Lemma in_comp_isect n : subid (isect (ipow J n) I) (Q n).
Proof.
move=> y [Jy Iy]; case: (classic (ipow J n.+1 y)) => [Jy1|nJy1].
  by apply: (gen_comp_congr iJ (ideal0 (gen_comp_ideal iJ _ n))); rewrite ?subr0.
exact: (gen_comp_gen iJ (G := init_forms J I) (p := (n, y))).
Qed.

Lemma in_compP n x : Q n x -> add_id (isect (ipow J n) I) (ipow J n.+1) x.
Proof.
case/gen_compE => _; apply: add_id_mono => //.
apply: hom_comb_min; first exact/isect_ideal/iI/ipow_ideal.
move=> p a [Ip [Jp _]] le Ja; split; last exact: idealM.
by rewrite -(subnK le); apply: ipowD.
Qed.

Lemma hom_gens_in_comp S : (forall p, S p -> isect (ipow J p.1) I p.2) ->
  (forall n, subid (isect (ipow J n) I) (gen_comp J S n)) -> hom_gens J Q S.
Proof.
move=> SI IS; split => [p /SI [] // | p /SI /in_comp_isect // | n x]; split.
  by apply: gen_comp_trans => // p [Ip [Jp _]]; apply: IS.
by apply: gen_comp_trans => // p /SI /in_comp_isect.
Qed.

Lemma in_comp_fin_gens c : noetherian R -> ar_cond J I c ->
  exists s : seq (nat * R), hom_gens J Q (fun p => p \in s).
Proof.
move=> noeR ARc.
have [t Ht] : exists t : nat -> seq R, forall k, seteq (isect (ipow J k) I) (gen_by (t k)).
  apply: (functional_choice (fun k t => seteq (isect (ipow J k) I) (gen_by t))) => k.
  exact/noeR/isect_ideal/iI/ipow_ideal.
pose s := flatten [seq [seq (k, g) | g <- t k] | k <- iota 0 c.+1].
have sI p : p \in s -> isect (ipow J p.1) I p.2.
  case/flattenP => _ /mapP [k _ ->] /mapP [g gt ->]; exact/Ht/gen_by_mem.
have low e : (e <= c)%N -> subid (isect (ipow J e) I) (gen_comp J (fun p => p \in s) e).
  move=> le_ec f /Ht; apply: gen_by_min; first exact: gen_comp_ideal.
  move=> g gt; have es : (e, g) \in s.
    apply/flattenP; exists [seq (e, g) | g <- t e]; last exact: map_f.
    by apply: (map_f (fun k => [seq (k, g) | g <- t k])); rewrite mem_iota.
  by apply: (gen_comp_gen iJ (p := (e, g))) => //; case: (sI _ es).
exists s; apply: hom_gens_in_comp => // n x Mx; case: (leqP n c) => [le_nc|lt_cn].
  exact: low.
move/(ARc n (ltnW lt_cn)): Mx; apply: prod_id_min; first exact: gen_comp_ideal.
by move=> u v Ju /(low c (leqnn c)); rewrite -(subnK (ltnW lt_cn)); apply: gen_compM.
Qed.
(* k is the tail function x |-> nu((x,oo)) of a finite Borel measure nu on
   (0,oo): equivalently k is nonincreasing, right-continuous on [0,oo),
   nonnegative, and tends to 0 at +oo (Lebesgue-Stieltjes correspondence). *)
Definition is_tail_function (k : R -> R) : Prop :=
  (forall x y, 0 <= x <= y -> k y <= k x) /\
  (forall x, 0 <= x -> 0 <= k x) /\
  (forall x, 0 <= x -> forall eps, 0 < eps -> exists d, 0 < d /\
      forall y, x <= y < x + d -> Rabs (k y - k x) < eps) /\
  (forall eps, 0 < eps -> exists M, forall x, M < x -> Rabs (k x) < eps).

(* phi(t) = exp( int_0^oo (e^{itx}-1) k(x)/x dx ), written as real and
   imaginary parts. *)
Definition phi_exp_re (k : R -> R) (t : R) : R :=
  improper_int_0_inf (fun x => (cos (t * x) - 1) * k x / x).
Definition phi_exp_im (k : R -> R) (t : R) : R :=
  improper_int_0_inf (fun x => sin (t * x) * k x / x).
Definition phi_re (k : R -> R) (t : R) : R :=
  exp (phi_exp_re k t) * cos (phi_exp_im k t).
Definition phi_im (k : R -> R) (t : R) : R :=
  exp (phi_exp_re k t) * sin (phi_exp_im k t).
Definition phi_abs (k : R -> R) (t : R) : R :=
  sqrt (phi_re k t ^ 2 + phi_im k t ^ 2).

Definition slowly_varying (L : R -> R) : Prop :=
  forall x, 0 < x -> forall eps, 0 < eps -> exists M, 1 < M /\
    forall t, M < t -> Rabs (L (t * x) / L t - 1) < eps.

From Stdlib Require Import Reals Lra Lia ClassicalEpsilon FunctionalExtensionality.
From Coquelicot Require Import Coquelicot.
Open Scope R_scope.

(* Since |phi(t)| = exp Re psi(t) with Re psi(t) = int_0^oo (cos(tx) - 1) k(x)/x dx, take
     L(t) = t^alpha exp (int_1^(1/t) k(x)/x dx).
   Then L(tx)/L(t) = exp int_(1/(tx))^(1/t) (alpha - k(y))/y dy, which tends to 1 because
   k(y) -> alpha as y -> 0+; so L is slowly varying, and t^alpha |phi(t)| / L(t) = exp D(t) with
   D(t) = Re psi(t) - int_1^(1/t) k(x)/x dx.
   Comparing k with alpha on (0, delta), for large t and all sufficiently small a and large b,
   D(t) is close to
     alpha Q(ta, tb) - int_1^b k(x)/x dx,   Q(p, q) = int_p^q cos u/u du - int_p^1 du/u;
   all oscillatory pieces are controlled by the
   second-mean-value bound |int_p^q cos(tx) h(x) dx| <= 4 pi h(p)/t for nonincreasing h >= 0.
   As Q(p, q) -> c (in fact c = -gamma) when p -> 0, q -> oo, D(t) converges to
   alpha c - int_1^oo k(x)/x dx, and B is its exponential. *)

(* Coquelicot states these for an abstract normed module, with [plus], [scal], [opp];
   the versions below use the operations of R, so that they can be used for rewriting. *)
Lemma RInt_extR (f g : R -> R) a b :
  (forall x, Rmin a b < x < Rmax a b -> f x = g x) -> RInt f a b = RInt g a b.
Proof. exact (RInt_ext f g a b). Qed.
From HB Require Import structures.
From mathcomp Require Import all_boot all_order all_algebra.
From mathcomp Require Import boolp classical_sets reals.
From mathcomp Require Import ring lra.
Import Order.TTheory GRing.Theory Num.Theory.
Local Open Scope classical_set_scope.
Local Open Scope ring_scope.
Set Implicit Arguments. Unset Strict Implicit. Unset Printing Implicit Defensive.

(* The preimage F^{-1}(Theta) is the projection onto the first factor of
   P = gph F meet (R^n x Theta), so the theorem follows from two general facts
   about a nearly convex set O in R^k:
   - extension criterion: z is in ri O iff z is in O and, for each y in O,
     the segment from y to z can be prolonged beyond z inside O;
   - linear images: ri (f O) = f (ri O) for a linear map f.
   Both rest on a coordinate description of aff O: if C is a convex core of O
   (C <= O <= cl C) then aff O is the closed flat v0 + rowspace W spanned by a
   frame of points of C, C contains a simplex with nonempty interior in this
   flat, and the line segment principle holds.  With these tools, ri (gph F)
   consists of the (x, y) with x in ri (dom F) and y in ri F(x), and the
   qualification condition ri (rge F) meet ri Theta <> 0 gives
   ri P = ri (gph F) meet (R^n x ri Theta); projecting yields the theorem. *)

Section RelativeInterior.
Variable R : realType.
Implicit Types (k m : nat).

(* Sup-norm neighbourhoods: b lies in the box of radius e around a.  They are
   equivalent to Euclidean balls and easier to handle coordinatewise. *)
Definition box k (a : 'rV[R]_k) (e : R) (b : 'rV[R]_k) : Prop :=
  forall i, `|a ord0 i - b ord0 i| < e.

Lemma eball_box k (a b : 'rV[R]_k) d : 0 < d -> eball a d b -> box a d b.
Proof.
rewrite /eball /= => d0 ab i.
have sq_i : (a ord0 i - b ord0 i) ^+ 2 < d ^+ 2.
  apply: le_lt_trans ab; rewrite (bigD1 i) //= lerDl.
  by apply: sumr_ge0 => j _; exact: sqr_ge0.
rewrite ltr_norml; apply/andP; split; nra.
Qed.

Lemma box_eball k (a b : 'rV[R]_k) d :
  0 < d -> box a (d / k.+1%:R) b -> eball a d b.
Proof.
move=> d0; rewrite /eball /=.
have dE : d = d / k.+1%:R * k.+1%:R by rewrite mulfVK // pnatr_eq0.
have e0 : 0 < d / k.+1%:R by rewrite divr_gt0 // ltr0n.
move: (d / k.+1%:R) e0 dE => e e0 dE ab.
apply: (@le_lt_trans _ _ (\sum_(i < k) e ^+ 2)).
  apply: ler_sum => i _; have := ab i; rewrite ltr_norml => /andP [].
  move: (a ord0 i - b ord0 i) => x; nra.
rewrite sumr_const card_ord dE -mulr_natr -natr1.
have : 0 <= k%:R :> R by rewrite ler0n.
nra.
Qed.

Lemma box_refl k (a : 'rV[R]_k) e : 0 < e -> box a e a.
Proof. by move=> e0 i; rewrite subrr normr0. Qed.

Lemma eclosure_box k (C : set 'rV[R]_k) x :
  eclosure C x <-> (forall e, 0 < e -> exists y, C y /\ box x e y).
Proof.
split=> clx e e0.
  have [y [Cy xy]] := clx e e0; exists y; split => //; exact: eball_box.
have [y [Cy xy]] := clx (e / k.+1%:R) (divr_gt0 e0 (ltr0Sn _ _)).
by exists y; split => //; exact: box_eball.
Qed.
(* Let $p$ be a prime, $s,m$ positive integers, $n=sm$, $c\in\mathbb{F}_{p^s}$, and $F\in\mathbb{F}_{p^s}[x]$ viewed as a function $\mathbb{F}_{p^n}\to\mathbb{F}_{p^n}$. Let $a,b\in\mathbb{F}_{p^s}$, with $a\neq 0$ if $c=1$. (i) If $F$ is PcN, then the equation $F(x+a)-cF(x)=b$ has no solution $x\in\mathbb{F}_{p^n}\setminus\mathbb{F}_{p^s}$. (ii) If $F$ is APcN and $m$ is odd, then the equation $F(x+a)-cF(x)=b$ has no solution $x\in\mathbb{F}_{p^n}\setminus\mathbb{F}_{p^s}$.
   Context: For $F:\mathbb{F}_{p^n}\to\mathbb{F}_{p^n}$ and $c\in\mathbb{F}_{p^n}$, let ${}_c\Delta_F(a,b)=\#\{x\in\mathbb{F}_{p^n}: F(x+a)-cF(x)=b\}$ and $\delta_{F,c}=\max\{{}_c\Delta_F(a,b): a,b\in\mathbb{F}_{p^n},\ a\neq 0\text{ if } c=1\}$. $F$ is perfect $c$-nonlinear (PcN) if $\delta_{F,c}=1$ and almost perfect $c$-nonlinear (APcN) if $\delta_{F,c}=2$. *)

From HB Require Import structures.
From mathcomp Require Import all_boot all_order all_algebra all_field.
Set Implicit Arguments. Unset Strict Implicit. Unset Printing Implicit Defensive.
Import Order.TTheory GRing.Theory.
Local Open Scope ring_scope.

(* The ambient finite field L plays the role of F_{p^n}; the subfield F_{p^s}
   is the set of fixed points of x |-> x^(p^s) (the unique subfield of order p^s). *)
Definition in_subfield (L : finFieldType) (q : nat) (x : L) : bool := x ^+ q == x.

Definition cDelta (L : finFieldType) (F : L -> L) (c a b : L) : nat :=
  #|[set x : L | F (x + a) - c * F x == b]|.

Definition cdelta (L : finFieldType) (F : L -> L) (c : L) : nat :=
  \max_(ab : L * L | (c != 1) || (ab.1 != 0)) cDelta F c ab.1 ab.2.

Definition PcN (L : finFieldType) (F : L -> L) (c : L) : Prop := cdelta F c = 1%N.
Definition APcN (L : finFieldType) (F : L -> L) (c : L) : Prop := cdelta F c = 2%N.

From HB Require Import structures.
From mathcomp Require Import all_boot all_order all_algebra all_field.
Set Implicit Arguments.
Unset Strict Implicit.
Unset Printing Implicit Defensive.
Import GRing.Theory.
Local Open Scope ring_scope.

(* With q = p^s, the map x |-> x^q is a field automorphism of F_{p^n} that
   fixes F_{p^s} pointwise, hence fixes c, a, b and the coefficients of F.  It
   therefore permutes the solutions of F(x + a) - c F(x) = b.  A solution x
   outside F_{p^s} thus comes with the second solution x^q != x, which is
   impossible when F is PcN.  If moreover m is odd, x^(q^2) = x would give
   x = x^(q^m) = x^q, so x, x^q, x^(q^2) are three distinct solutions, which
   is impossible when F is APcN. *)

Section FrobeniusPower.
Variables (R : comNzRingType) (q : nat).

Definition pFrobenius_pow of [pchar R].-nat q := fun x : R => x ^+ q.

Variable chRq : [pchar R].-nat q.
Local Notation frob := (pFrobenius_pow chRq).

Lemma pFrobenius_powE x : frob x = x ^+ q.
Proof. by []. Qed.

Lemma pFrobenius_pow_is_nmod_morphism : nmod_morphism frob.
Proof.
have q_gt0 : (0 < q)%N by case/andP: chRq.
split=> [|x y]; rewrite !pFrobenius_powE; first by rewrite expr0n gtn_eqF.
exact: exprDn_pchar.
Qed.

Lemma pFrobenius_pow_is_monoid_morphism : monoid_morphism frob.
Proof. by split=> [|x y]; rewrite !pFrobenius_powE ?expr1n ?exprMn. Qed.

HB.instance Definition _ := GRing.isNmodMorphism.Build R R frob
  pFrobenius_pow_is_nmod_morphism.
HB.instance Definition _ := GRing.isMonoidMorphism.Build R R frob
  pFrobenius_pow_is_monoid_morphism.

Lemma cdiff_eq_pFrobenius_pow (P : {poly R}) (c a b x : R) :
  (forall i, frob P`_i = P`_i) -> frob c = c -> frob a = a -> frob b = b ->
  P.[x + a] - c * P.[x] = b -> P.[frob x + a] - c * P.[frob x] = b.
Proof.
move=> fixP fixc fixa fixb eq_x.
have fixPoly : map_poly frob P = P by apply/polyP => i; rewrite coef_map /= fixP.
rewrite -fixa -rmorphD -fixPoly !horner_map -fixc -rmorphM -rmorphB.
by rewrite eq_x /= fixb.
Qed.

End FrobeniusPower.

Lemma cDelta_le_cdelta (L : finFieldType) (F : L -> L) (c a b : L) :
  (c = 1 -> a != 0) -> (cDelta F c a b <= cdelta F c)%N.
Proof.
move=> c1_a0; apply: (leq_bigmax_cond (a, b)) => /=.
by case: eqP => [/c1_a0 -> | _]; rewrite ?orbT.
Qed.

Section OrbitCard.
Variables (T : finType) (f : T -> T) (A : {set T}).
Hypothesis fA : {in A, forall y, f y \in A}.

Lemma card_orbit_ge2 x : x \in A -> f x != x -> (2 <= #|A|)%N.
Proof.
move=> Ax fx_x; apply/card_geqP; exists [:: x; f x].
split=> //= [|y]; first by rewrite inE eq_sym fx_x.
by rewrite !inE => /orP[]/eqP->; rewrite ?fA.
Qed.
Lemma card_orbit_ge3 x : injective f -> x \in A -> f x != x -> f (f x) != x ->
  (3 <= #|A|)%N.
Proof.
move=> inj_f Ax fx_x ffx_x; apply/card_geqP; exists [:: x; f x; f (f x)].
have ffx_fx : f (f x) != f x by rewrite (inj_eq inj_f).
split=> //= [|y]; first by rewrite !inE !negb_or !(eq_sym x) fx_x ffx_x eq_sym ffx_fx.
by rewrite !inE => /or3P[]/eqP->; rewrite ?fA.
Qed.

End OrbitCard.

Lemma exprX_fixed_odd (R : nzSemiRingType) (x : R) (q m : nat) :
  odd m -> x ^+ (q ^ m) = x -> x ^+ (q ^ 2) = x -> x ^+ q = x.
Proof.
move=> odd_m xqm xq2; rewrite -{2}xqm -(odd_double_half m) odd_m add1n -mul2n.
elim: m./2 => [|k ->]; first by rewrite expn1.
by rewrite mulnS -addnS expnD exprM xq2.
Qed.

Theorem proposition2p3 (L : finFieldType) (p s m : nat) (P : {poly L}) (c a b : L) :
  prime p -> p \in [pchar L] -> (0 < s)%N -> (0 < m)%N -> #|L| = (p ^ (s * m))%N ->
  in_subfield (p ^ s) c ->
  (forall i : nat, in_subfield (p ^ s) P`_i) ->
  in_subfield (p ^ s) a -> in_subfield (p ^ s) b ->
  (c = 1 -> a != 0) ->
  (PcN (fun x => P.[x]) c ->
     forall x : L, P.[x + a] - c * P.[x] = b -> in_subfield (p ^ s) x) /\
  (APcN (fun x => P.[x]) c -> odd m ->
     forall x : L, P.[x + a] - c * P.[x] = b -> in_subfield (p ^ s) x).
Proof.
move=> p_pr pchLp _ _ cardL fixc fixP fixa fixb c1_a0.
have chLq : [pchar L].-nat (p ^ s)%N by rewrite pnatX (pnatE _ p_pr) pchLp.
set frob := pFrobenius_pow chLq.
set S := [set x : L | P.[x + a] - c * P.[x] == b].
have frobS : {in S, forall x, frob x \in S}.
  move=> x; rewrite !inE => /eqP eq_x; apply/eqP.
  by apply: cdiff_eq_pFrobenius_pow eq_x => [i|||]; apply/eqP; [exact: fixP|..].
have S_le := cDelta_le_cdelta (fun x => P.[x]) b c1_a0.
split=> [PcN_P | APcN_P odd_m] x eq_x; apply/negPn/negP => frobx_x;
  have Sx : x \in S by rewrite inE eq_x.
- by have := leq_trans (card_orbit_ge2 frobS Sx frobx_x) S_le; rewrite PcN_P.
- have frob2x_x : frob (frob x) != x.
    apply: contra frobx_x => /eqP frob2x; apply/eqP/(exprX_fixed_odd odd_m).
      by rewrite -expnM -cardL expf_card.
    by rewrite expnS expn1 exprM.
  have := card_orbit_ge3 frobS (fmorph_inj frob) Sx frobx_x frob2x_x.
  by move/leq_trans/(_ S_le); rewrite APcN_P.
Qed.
______________________________
- PROBLEM TO SOLVE
Output, exactly and in full, the lines from the start of the entries above through the line that contains "case/flattenP => _".

- REPLY
Lemma in_comp_isect n : subid (isect (ipow J n) I) (Q n).
Proof.
move=> y [Jy Iy]; case: (classic (ipow J n.+1 y)) => [Jy1|nJy1].
  by apply: (gen_comp_congr iJ (ideal0 (gen_comp_ideal iJ _ n))); rewrite ?subr0.
exact: (gen_comp_gen iJ (G := init_forms J I) (p := (n, y))).
Qed.

Lemma in_compP n x : Q n x -> add_id (isect (ipow J n) I) (ipow J n.+1) x.
Proof.
case/gen_compE => _; apply: add_id_mono => //.
apply: hom_comb_min; first exact/isect_ideal/iI/ipow_ideal.
move=> p a [Ip [Jp _]] le Ja; split; last exact: idealM.
by rewrite -(subnK le); apply: ipowD.
Qed.

Lemma hom_gens_in_comp S : (forall p, S p -> isect (ipow J p.1) I p.2) ->
  (forall n, subid (isect (ipow J n) I) (gen_comp J S n)) -> hom_gens J Q S.
Proof.
move=> SI IS; split => [p /SI [] // | p /SI /in_comp_isect // | n x]; split.
  by apply: gen_comp_trans => // p [Ip [Jp _]]; apply: IS.
by apply: gen_comp_trans => // p /SI /in_comp_isect.
Qed.

Lemma in_comp_fin_gens c : noetherian R -> ar_cond J I c ->
  exists s : seq (nat * R), hom_gens J Q (fun p => p \in s).
Proof.
move=> noeR ARc.
have [t Ht] : exists t : nat -> seq R, forall k, seteq (isect (ipow J k) I) (gen_by (t k)).
  apply: (functional_choice (fun k t => seteq (isect (ipow J k) I) (gen_by t))) => k.
  exact/noeR/isect_ideal/iI/ipow_ideal.
pose s := flatten [seq [seq (k, g) | g <- t k] | k <- iota 0 c.+1].
have sI p : p \in s -> isect (ipow J p.1) I p.2.
  case/flattenP => _ /mapP [k _ ->] /mapP [g gt ->]; exact/Ht/gen_by_mem.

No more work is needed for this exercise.